Screen Story #19: "Chicken Man"

FADE IN:

A woman is being interviewed in her living room. We see only her, sitting at one end of a couch. She is awkwardly telling a joke, which goes something like this:
"A man goes to the doctor for his annual check-up. The doctor asks, as doctors are now required to, whether the man is suffering any kind of abuse at home. Any unusual life circumstances? The man replies that, yes, there is something unusual at home: His wife thinks she's a chicken. The doctor replies that the man should bring his wife in for treatment right away. There may be ways that modern psychiatry can help.

"The man say, 'I'd like to, Doc, but I need the eggs.'"
The woman being interviewed then laughs self-consciously at her own joke and says, "That pretty much sums up my situation."

We then cut to a view of the whole couch. Sitting at the other end is a man dressed in a chicken suit — the woman's husband.

In a series of documentary scenes and interviews, a full picture emerges. The man first put on the chicken suit when he got a job promoting a fried chicken restaurant, but he never took it off. He now goes everywhere in the chicken suit, even sleeps in it. He calls himself "Chicken Man."

Chicken Man is a political activist. He goes around to public protests and media events and holds up signs to draw attention to worthy causes. He doesn't get paid for this; it's just his calling. (He calls it his "superpower.")

When interviewed in the living room, Chicken Man can talk rationally about his goals. However, when he is out in the field protesting, he talks only in chicken clucks. He also does a chicken dance, intended to draw attention to himself and whatever cause he is advertizing.

Chicken Man obviously lives for the television cameras, and when one is pointed at him, he goes furiously into his chicken routine. When no camera is pointed at him and no one is noticing him, Chicken Man looks very lonely and forlorn, obviously an absurd and tragic figure.

Chicken Man's wife, who he calls "Mrs. Chicken," seems embarrassed by her husband's behavior, but in the living room interview she tries to present it in a positive light. How many wives get to see their husbands regularly on television? (Albeit as a chicken.) Another advantage is that since her husband became a chicken, they have both become vegetarians.

The latter is due to the fact that Chicken Man TOTALLY FREAKS OUT whenever they drive past a fried chicken restaurant. He clucks furiously and flaps his wings. He is also upset when they pass any kind of restaurant that serves chicken products: chicken nuggets, chicken strips, etc. He certainly won't tolerate chicken in the house, even chicken broth. He can verbalize this in the living room, explaining that he can't stand to see chickens suffer, but on the road he just does his crazy chicken act whenever they pass, say, a KFC franchise. Much of Chicken Man's work is in support of vegetarian causes, such as protesting at meat packing plants.
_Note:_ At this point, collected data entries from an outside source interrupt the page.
(* Let $p,s\in\mathbb{N}$ be such that $p+1\leq s\leq 2^p$ and $s$ is a multiple of $4$. Then there is a UPB in $(\mathbb{C}^2)^{\otimes p}$ of cardinality $s$, with the possible exception of the case when $p\equiv 1\pmod 4$ and $s=2p+2$.
   Context: A product state in $(\mathbb{C}^2)^{\otimes p}$ is a vector $|v_1\rangle\otimes\cdots\otimes|v_p\rangle$ with each $|v_j\rangle\in\mathbb{C}^2$. A $p$-qubit unextendible product basis (UPB) is a finite set $\mathcal{S}\subseteq(\mathbb{C}^2)^{\otimes p}$ of unit product vectors that are pairwise orthogonal, such that no nonzero product vector outside $\mathcal{S}$ is orthogonal to every element of $\mathcal{S}$. *)

From HB Require Import structures.
From mathcomp Require Import all_boot all_order all_algebra.
Set Implicit Arguments. Unset Strict Implicit. Unset Printing Implicit Defensive.
Import Order.TTheory GRing.Theory Num.Theory.
Local Open Scope ring_scope.

(* Computational basis of (C^2)^{⊗p}: bit strings of length p. *)
Definition bits (p : nat) := {ffun 'I_p -> 'I_2}.

(* A vector of (C^2)^{⊗p}, given by its coordinates in the computational basis. *)
Definition tvec (C : numClosedFieldType) (p : nat) := {ffun bits p -> C}.

(* The product vector |v_1> ⊗ ... ⊗ |v_p>, with each v_j ∈ C^2 a column vector. *)
Definition prodvec (C : numClosedFieldType) (p : nat) (v : 'I_p -> 'cV[C]_2)
  : tvec C p := [ffun x : bits p => \prod_(j < p) v j (x j) 0].

Definition is_product (C : numClosedFieldType) (p : nat) (u : tvec C p) : Prop :=
  exists v : 'I_p -> 'cV[C]_2, u = prodvec v.

Definition inner (C : numClosedFieldType) (p : nat) (u w : tvec C p) : C :=
  \sum_(x : bits p) (u x)^* * w x.

(* Unextendible product basis: a finite set (duplicate-free list) of unit
   product vectors, pairwise orthogonal, such that every nonzero product
   vector orthogonal to all of them already belongs to the set. *)
Definition is_UPB (C : numClosedFieldType) (p : nat) (S : seq (tvec C p)) : Prop :=
  uniq S /\
  (forall u, u \in S -> is_product u /\ inner u u = 1) /\
  (forall u w, u \in S -> w \in S -> u != w -> inner u w = 0) /\
  (forall w : tvec C p, is_product w -> w != 0 ->
      (forall u, u \in S -> inner u w = 0) -> w \in S).

From HB Require Import structures.
From mathcomp Require Import all_boot all_order all_algebra.
From mathcomp Require Import zify ring.
Import Order.TTheory GRing.Theory Num.Theory.
Set Implicit Arguments. Unset Strict Implicit. Unset Printing Implicit Defensive.

(* The problem is first made combinatorial.  For each k, the vectors
   (1, k) and (-k, 1) form an orthogonal basis of C^2, and vectors from
   different bases are never orthogonal to a common nonzero vector.  A
   "design" on p qubits is a list of labellings (one basis vector per qubit)
   in which any two members use the two vectors of one basis at some qubit,
   and which contains, for every labelling c, a member differing from c at
   every qubit.  Tensoring the labelled vectors turns a design of size s into
   a UPB of size s (upb_of_design).

   Designs are then produced combinatorially: by gluing designs along a
   design on further qubits (design_substitute), giving the full basis and
   the doubling a, b |-> a + b from p to p + 1 qubits; by a direct
   construction from a round-robin tournament for p < s <= 2p; and by one
   substitution for the size 20 on 6 qubits.  An induction on p
   (has_design_admissible) combines them. *)

(* A label (k, b) names one vector of the orthogonal basis
   {(1, k), (-k, 1)} of C^2: b = false gives (1, k), b = true gives (-k, 1). *)
Definition label := (nat * bool)%type.

Definition complementary (l l' : label) := (l.1 == l'.1) && (l.2 != l'.2).

Lemma complementary_irr l : complementary l l = false.
Proof. by rewrite /complementary !eqxx. Qed.

Section QubitVectors.
Variable C : numClosedFieldType.
Local Open Scope ring_scope.

Definition qfst (l : label) : C := if l.2 then - (l.1)%:R else 1.
Definition qsnd (l : label) : C := if l.2 then 1 else (l.1)%:R.

Definition qnorm2 (l : label) : C := (1 + l.1 ^ 2)%N%:R.

Definition qvec (l : label) : 'cV[C]_2 :=
  sqrtC (qnorm2 l)^-1 *: \col_(i < 2) (if i == ord0 then qfst l else qsnd l).

Definition qinner (v w : 'cV[C]_2) : C := \sum_(b < 2) (v b 0)^* * w b 0.

Lemma qinnerE v w :
  qinner v w = (v ord0 0)^* * w ord0 0 + (v ord_max 0)^* * w ord_max 0.
Proof.
rewrite /qinner big_ord_recl big_ord1.
by have -> : lift ord0 (ord0 : 'I_1) = ord_max :> 'I_2 by apply: val_inj.
Qed.

Lemma qinnerZ a b v w : qinner (a *: v) (b *: w) = a^* * b * qinner v w.
Proof. rewrite !qinnerE !mxE !rmorphM /=; ring. Qed.

Lemma qnorm2_neq0 l : qnorm2 l != 0.
Proof. by rewrite /qnorm2 pnatr_eq0 addnC addn1. Qed.

Lemma qscale_conj l : (sqrtC (qnorm2 l)^-1)^* = sqrtC (qnorm2 l)^-1.
Proof. by apply: geC0_conj; rewrite sqrtC_ge0 invr_ge0 ler0n. Qed.

Lemma qscale_neq0 l : sqrtC (qnorm2 l)^-1 != 0.
Proof. by rewrite sqrtC_eq0 invr_eq0 qnorm2_neq0. Qed.

(* Since the coordinates are real, the inner product against the vector
   named by l is the linear form (x, y) |-> qfst l * x + qsnd l * y,
   up to the (nonzero) normalising factor. *)
Lemma qinner_qvec l w :
  qinner (qvec l) w
  = sqrtC (qnorm2 l)^-1 * (qfst l * w ord0 0 + qsnd l * w ord_max 0).
Proof.
rewrite /qvec -[w]scale1r qinnerZ qscale_conj mulr1 qinnerE !mxE /= !mul1r.
by rewrite /qfst /qsnd; case: l.2; rewrite /= ?rmorphN ?rmorph_nat ?conjC1.
Qed.

Lemma qvec_norm l : qinner (qvec l) (qvec l) = 1.
Proof.
rewrite qinner_qvec {2}/qvec !mxE /=.
set c := sqrtC _; have -> : qfst l * (c * qfst l) + qsnd l * (c * qsnd l)
    = c * (qfst l * qfst l + qsnd l * qsnd l) by ring.
have -> : qfst l * qfst l + qsnd l * qsnd l = qnorm2 l.
  by rewrite /qfst /qsnd /qnorm2 natrD natrX; case: l.2 => /=; ring.
by rewrite mulrA -expr2 sqrtCK mulVf ?qnorm2_neq0.
Qed.

Lemma qvec_orth l l' : complementary l l' -> qinner (qvec l) (qvec l') = 0.
Proof.
case: l l' => k b [k' b'] /andP [/= /eqP <- /= b'E].
rewrite qinner_qvec {2}/qvec !mxE /= /qfst /qsnd /=.
by case: b b'E; case: b' => //= _; ring.
Qed.

Lemma qdet_neq0 l l' : l != l' -> qfst l * qsnd l' - qfst l' * qsnd l != 0.
Proof.
case: l l' => [k []] [l []] /= hne; rewrite /qfst /qsnd /=.
- rewrite (_ : _ - _ = l%:R - k%:R); last by ring.
  by rewrite subr_eq0 eqr_nat; apply: contra hne => /eqP ->.
- rewrite (_ : _ - _ = - (1 + k * l)%N%:R); last by rewrite natrD natrM; ring.
  by rewrite oppr_eq0 pnatr_eq0; lia.
- rewrite (_ : _ - _ = (1 + k * l)%N%:R); last by rewrite natrD natrM; ring.
  by rewrite pnatr_eq0; lia.
- rewrite (_ : _ - _ = l%:R - k%:R); last by ring.
  by rewrite subr_eq0 eqr_nat; apply: contra hne => /eqP ->.
Qed.

Lemma cramer2 (a b a' b' x y : C) :
  a * x + b * y = 0 -> a' * x + b' * y = 0 -> a * b' - a' * b != 0 ->
  x = 0 /\ y = 0.
Proof.
move=> h1 h2 hd.
have ex : (a * b' - a' * b) * x = b' * (a * x + b * y) - b * (a' * x + b' * y).
  by ring.
have ey : (a * b' - a' * b) * y = a * (a' * x + b' * y) - a' * (a * x + b * y).
  by ring.
rewrite h1 h2 !mulr0 subrr in ex ey.
by move/eqP: ex; move/eqP: ey; rewrite !mulf_eq0 (negbTE hd) /= => /eqP -> /eqP ->.
Qed.

Lemma qvec_orth_uniq l l' w : w != 0 ->
  qinner (qvec l) w = 0 -> qinner (qvec l') w = 0 -> l = l'.
Proof.
move=> wn0; rewrite !qinner_qvec => /eqP + /eqP.
rewrite !mulf_eq0 !(negbTE (qscale_neq0 _)) /= => /eqP h1 /eqP h2.
apply/eqP; apply: contraNT wn0 => hne.
have [x0 y0] := cramer2 h1 h2 (qdet_neq0 hne).
apply/eqP/matrixP => i j; rewrite mxE (ord1 j).
case: i => [[|[|i]] hi] //.
- by rewrite -x0; congr (w _ _); apply: val_inj.
- by rewrite -y0; congr (w _ _); apply: val_inj.
Qed.

End QubitVectors.

Definition labelling p := {ffun 'I_p -> label}.

(* These are the combinatorial shadows of the orthogonality and the
   unextendibility conditions of a UPB. *)
Definition design p (D : seq (labelling p)) :=
  [/\ uniq D,
      (forall u w, u \in D -> w \in D -> u != w ->
         exists j, complementary (u j) (w j)) &
      (forall c : 'I_p -> label, exists2 u, u \in D & forall j, u j != c j)].

Definition has_design p s := exists D : seq (labelling p), design D /\ size D = s.

Section Realization.
Variable C : numClosedFieldType.
Local Open Scope ring_scope.

Lemma inner_prodvec p (v w : 'I_p -> 'cV[C]_2) :
  inner (prodvec v) (prodvec w) = \prod_j qinner (v j) (w j).
Proof.
rewrite /inner /qinner bigA_distr_bigA /=; apply: eq_bigr => x _.
by rewrite !ffunE rmorph_prod -big_split.
Qed.

Lemma prodvec_neq0 p (w : 'I_p -> 'cV[C]_2) j : prodvec w != 0 -> w j != 0.
Proof.
apply: contraNneq => wj0; apply/eqP/ffunP => x; rewrite !ffunE.
by rewrite (bigD1 j) //= wj0 mxE mul0r.
Qed.

Definition lvec p (u : labelling p) : tvec C p := prodvec (fun j => qvec C (u j)).

Lemma lvec_norm p (u : labelling p) : inner (lvec u) (lvec u) = 1.
Proof. by rewrite inner_prodvec big1 // => j _; rewrite qvec_norm. Qed.

Lemma lvec_orth p (u w : labelling p) j :
  complementary (u j) (w j) -> inner (lvec u) (lvec w) = 0.
Proof. by move=> cj; rewrite inner_prodvec (bigD1 j) //= qvec_orth // mul0r. Qed.

Lemma lvec_inj_design p (D : seq (labelling p)) :
  design D -> {in D &, injective (@lvec p)}.
Proof.
case=> _ orth _ u w uD wD e; apply/eqP; apply: contraT => ne.
have [j cj] := orth u w uD wD ne.
by move: (lvec_orth cj); rewrite -e lvec_norm => /eqP; rewrite oner_eq0.
Qed.

(* No nonzero product vector is orthogonal to all the vectors of a design:
   label position j by the (unique, by qvec_orth_uniq) label whose vector is
   orthogonal to the j-th factor, and take a member of D avoiding that
   labelling; it is orthogonal to no factor, hence not to the vector. *)
Lemma design_unextendible p (D : seq (labelling p)) (w : 'I_p -> 'cV[C]_2) :
  design D -> prodvec w != 0 -> exists2 u, u \in D & inner (lvec u) (prodvec w) != 0.
Proof.
case=> _ _ avoid wn0.
pose orth_at j (u : labelling p) := qinner (qvec C (u j)) (w j) == 0.
pose u0 : labelling p := [ffun => (0%N, false)].
pose c j := if has (orth_at j) D then nth u0 D (find (orth_at j) D) j else (0%N, false).
have [u uD hu] := avoid c; exists u => //.
rewrite inner_prodvec prodf_seq_neq0; apply/allP => j _ /=; apply: contraNN (hu j) => hj.
have hD : has (orth_at j) D by apply/hasP; exists u.
have /eqP hc := nth_find u0 hD.
by rewrite /c hD (qvec_orth_uniq (prodvec_neq0 j wn0) (eqP hj) hc).
Qed.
Although Mrs. Chicken claims to support her husband, we can see the strain this is placing on their marriage. Chicken Man refuses to work but instead devotes himself full-time to his protests. He also spends a lot of time sitting at home watching himself on TV.

We see Mrs. Chicken come home from work, and Chicken Man is passed out on the couch, surrounded by beer and popcorn, with a news clip of himself repeating over and over on the TV.
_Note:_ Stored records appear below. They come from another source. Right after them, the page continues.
(* Let $F$ be a field of characteristic zero, $G$ a group, $H$ an abelian group, $\beta$ a skew-symmetric bicharacter on $H$, $C$ an $H$-graded $\beta$-commutative algebra generating the variety of all $H$-graded $\beta$-commutative algebras, and $R$ any $G$-graded algebra. Let $\mathbf g=(g_1,\dots,g_n)\in G^n$, $\mathbf h=(h_1,\dots,h_n)\in H^n$ and let $f\in T_{G\times H}(R\otimes C)\cap P_{\mathbf g\times\mathbf h}$. Then there exists $f_0\in P_{\mathbf g}\cap T_G(R)$ such that $f=\phi_{\mathbf h}(f_0)$.
   Context: $H$ is written additively; $\beta:H\times H\to F^*$ satisfies $\beta(g+h,k)=\beta(g,k)\beta(h,k)$, $\beta(g,h+k)=\beta(g,h)\beta(g,k)$, $\beta(g,h)=\beta(h,g)^{-1}$. For homogeneous $a\in C_h,b\in C_k$, $[a,b]_\beta=ab-\beta(h,k)ba$; $C$ is $\beta$-commutative if $[a,b]_\beta=0$ for all $a,b$. $C$ generates the variety of all $H$-graded $\beta$-commutative algebras if its $H$-graded identities are exactly the $T_H$-ideal generated by $[x_{h,1},x_{k,2}]_\beta$, $h,k\in H$. $R\otimes C$ is $G\times H$-graded by $(R\otimes C)_{(g,h)}=R_g\otimes C_h$. $F\langle X|K\rangle$ denotes the free algebra on variables $x_{k,i}$ of degree $k\in K$, $i\ge1$; $T_K(\cdot)$ is the ideal of $K$-graded identities. For $\mathbf g\in G^n$, $P_{\mathbf g}$ is the span of $x_{g_{\sigma(1)},\sigma(1)}\cdots x_{g_{\sigma(n)},\sigma(n)}$, $\sigma\in S_n$; $P_{\mathbf g\times\mathbf h}$ is defined likewise with degrees $(g_i,h_i)$. Map $\zeta$: if $m=x_{(a_{\tau(1)},b_{\tau(1)}),\tau(1)}\cdots x_{(a_{\tau(k)},b_{\tau(k)}),\tau(k)}$ is a multilinear monomial in $F\langle X|G\times H\rangle$ in variables with indices $i_1<\dots<i_k$ ($\tau$ an ordering of these indices), let $\lambda\in F^*$ be such that $x_{b_{i_1},i_1}\cdots x_{b_{i_k},i_k}=\lambda\, x_{b_{\tau(1)},\tau(1)}\cdots x_{b_{\tau(k)},\tau(k)}$ in the free $H$-graded $\beta$-commutative algebra; set $\zeta(m)=\lambda m$. The linear map $\phi_{\mathbf h}$ on multilinear polynomials in $x_{a_1,1},\dots,x_{a_n,n}$ sends a monomial $x_{a_{\sigma(1)},\sigma(1)}\cdots x_{a_{\sigma(n)},\sigma(n)}$ to $\zeta(x_{(a_{\sigma(1)},h_{\sigma(1)}),\sigma(1)}\cdots x_{(a_{\sigma(n)},h_{\sigma(n)}),\sigma(n)})$. *)

From HB Require Import structures.
From mathcomp Require Import all_boot all_order all_algebra all_fingroup.
From mathcomp Require Import finmap.
From mathcomp Require Import monalg.
From Stdlib Require Import ClassicalEpsilon.

Set Implicit Arguments.
Unset Strict Implicit.
Unset Printing Implicit Defensive.

Import GRing.Theory.
Local Open Scope ring_scope.

Section Defs.
Variable F : fieldType.

Definition is_group (G : Type) (gop : G -> G -> G) (gone : G) (ginv : G -> G) :=
  [/\ forall a b c, gop a (gop b c) = gop (gop a b) c,
      forall a, gop gone a = a, forall a, gop a gone = a,
      forall a, gop (ginv a) a = gone & forall a, gop a (ginv a) = gone].

Definition skew_bicharacter (H : zmodType) (beta : H -> H -> F) :=
  [/\ forall g h, beta g h != 0,
      forall g h k, beta (g + h) k = beta g k * beta h k,
      forall g h k, beta g (h + k) = beta g h * beta g k &
      forall g h, beta g h = (beta h g)^-1].

Definition is_algebra (A : lmodType F) (mul : A -> A -> A) :=
  [/\ forall a x y, mul a (x + y) = mul a x + mul a y,
      forall a x y, mul (x + y) a = mul x a + mul y a,
      forall c x y, mul (c *: x) y = c *: mul x y,
      forall c x y, mul x (c *: y) = c *: mul x y &
      forall x y z, mul x (mul y z) = mul (mul x y) z].

Definition is_grading (K : eqType) (op : K -> K -> K)
    (A : lmodType F) (mul : A -> A -> A) (Ak : K -> A -> Prop) :=
  [/\ (forall k, Ak k 0) /\
        (forall k x y, Ak k x -> Ak k y -> Ak k (x + y)) /\
        (forall k c x, Ak k x -> Ak k (c *: x)),
      forall x, exists s : seq K, exists xs : K -> A,
          [/\ uniq s, forall k, Ak k (xs k) & x = \sum_(k <- s) xs k],
      forall (s : seq K) (xs : K -> A), uniq s -> (forall k, Ak k (xs k)) ->
          \sum_(k <- s) xs k = 0 -> forall k, k \in s -> xs k = 0 &
      forall k l x y, Ak k x -> Ak l y -> Ak (op k l) (mul x y)].

Definition beta_commutative (H : zmodType) (beta : H -> H -> F)
    (A : lmodType F) (mul : A -> A -> A) (Ah : H -> A -> Prop) :=
  forall h k a b, Ah h a -> Ah k b -> mul a b - beta h k *: mul b a = 0.

(* The free K-graded algebra F<X|K>: F-linear combinations of words in *)
(* the variables x_{k,i} = (k, i) : K * nat.  (It contains the empty   *)
(* word; the free non-unital algebra is the part with zero constant    *)
(* term, see [no_const].)                                              *)
Definition FA (K : choiceType) := {malg F[{fmonom (K * nat)%type}]}.

Definition word (K : choiceType) (s : seq (K * nat)) : {fmonom (K * nat)%type} :=
  FMonom s.

Definition no_const (K : choiceType) (p : FA K) := p@_(word [::]) = 0.

Definition evalw (K : choiceType) (A : lmodType F) (mul : A -> A -> A)
    (phi : K * nat -> A) (w : seq (K * nat)) : A :=
  match w with
  | [::] => 0
  | x :: s => foldl (fun a y => mul a (phi y)) (phi x) s
  end.

Definition evalp (K : choiceType) (A : lmodType F) (mul : A -> A -> A)
    (phi : K * nat -> A) (p : FA K) : A :=
  \sum_(w <- msupp p) p@_w *: evalw mul phi w.

Definition graded_identity (K : choiceType) (A : lmodType F) (mul : A -> A -> A)
    (Ak : K -> A -> Prop) (p : FA K) :=
  no_const p /\
  forall phi : K * nat -> A, (forall k i, Ak k (phi (k, i))) -> evalp mul phi p = 0.

Definition wdeg (H : zmodType) (w : seq (H * nat)) : H := \sum_(x <- w) x.1.

Definition homogeneous (H : zmodType) (h : H) (p : FA H) :=
  forall w, w \in msupp p -> wdeg (w : seq (H * nat)) = h.

Definition subst (H : zmodType) (psi : H * nat -> FA H) (p : FA H) : FA H :=
  \sum_(w <- msupp p) p@_w *: \prod_(x <- (w : seq (H * nat))) psi x.

Definition graded_endo (H : zmodType) (psi : H * nat -> FA H) :=
  forall h i, homogeneous h (psi (h, i)) /\ no_const (psi (h, i)).

Definition T_ideal_closed (H : zmodType) (I : FA H -> Prop) :=
  [/\ I 0, forall p q, I p -> I q -> I (p + q),
      forall c p, I p -> I (c *: p),
      forall a p, I p -> I (a * p) /\ I (p * a) &
      forall psi, graded_endo psi -> forall p, I p -> I (subst psi p)].

Definition in_T_ideal (H : zmodType) (S : FA H -> Prop) (p : FA H) :=
  forall I, T_ideal_closed I -> (forall s, S s -> I s) -> I p.

Definition beta_comm (H : zmodType) (beta : H -> H -> F) (h k : H) : FA H :=
  << word [:: (h, 1%N); (k, 2%N)] >> - beta h k *: << word [:: (k, 2%N); (h, 1%N)] >>.

Definition beta_comms (H : zmodType) (beta : H -> H -> F) (p : FA H) :=
  exists h k, p = beta_comm beta h k.

Definition generates_beta_variety (H : zmodType) (beta : H -> H -> F)
    (C : lmodType F) (mulC : C -> C -> C) (Ch : H -> C -> Prop) :=
  forall p : FA H, graded_identity mulC Ch p <-> in_T_ideal (beta_comms beta) p.

(* Tensor product R (x) C, built as the free vector space on R * C     *)
(* modulo the bilinearity relations.                                   *)
Section Tensor.
Variables (R C : lmodType F) (mulR : R -> R -> R) (mulC : C -> C -> C).

Definition TRep := {malg F[(R * C)%type]}.

Definition bilin_rel (t : TRep) :=
  (exists a a' b, t = << (a + a', b) >> - << (a, b) >> - << (a', b) >>) \/
  (exists a b b', t = << (a, b + b') >> - << (a, b) >> - << (a, b') >>) \/
  (exists c a b, t = << (c *: a, b) >> - c *: << (a, b) >>) \/
  (exists c a b, t = << (a, c *: b) >> - c *: << (a, b) >>).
Mrs. Chicken then confesses quietly to the camera that he wasn't always like this. When they got married, he was a normal man. We see snapshots of their wedding day, and they seem a happy couple like any other. Then he lost his job at the meat packing plant and had to start looking for work. He got the job being an advertising chicken outside Bayou Bob's Fried Chicken, and everything started sliding from there.

Chicken Man doesn't even drive, because his chicken suit prevents it. Instead, his wife has to chauffeur him to his protest gigs, in a car he has dressed up as a "Chickenmobile." Chicken Man always sits in the back seat like a dignitary, never in the front.

Too much of Mrs. Chicken's life is spent either driving Chicken Man around or waiting for him in the Chickenmobile while he protests. During one of these long waits, Mrs. Chicken reveals her real frustrations. She gets into a private girl-to-girl conversation with the off-screen filmmaker and seems to forget that the camera is rolling. This interview is intercut with distant views of Chicken Man protesting and making a fool of himself.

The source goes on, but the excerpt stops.